▶ INPUT DATA:
────────

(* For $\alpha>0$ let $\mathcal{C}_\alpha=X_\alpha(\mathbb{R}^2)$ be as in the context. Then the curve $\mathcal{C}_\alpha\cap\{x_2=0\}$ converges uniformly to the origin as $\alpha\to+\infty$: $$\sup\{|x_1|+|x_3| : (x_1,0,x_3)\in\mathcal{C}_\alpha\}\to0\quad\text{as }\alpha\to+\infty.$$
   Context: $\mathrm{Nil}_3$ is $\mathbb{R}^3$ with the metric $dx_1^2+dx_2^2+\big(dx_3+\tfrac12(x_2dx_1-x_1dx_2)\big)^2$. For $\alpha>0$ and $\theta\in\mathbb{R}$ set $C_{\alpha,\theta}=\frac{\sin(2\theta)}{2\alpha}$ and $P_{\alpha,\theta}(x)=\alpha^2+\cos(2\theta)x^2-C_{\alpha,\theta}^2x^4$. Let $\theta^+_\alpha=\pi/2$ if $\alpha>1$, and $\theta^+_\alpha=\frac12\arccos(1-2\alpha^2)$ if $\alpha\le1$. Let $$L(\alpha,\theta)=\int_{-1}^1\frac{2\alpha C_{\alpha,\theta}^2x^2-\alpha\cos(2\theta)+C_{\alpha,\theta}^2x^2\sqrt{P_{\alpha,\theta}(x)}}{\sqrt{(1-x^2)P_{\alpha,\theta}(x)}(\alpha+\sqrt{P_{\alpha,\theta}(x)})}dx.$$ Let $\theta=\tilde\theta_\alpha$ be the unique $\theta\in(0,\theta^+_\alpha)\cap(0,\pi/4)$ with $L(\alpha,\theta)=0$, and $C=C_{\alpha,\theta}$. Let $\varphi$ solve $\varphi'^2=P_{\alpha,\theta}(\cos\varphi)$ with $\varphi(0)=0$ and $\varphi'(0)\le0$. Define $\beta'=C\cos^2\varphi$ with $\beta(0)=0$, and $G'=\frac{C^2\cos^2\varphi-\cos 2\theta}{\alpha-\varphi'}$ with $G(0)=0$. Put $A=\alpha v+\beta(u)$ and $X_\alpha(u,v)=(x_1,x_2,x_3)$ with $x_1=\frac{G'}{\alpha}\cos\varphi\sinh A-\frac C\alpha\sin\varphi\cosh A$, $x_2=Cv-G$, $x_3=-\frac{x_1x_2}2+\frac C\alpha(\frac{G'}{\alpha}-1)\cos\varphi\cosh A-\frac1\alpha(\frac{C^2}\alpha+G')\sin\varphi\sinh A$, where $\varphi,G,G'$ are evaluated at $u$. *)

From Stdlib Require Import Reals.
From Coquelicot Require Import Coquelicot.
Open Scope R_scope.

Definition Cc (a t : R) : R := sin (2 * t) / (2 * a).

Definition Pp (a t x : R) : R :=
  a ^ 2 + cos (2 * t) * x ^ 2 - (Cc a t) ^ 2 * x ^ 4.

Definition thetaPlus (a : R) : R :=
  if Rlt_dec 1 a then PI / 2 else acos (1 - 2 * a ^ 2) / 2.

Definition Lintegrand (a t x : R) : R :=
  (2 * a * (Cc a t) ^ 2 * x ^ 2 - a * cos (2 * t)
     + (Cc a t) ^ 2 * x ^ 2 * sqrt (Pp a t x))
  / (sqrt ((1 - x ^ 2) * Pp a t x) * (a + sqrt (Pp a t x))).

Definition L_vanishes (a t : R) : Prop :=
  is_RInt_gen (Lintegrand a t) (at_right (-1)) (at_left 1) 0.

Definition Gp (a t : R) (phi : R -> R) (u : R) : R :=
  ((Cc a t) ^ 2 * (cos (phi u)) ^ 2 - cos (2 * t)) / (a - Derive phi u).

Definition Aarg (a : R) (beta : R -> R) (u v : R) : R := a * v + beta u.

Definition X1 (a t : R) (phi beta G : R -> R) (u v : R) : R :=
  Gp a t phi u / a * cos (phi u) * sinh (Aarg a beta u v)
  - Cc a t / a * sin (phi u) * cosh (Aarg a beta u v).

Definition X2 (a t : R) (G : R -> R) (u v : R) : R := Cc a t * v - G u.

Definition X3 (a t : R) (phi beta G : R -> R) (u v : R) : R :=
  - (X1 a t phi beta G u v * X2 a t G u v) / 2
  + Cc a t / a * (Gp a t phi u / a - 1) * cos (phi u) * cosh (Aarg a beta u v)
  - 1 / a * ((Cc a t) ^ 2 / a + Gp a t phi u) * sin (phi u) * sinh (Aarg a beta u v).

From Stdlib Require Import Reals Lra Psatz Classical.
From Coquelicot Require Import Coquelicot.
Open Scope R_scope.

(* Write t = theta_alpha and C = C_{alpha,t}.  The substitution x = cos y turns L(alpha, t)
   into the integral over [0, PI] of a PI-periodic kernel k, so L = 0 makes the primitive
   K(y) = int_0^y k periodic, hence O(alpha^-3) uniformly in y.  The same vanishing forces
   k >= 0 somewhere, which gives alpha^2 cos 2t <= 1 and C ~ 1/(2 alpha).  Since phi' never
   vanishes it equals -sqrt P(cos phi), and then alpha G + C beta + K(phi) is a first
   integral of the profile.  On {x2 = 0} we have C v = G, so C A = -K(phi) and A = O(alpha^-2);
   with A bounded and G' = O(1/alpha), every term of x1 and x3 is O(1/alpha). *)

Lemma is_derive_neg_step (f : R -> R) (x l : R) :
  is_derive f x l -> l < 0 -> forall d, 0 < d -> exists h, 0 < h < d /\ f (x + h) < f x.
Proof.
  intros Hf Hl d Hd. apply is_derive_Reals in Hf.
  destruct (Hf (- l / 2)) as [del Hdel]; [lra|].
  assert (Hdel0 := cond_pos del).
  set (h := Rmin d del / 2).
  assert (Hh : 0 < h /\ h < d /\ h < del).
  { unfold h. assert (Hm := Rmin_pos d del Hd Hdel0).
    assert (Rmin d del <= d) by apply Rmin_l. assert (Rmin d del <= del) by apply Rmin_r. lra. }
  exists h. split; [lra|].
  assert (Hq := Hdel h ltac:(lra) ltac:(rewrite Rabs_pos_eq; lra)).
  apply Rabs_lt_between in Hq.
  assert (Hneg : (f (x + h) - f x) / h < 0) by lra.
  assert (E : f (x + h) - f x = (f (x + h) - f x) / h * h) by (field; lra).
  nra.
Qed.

────────

Across the listing above, report every line where "Lintegrand" occurs.

Definition Lintegrand (a t x : R) : R :=
  is_RInt_gen (Lintegrand a t) (at_right (-1)) (at_left 1) 0.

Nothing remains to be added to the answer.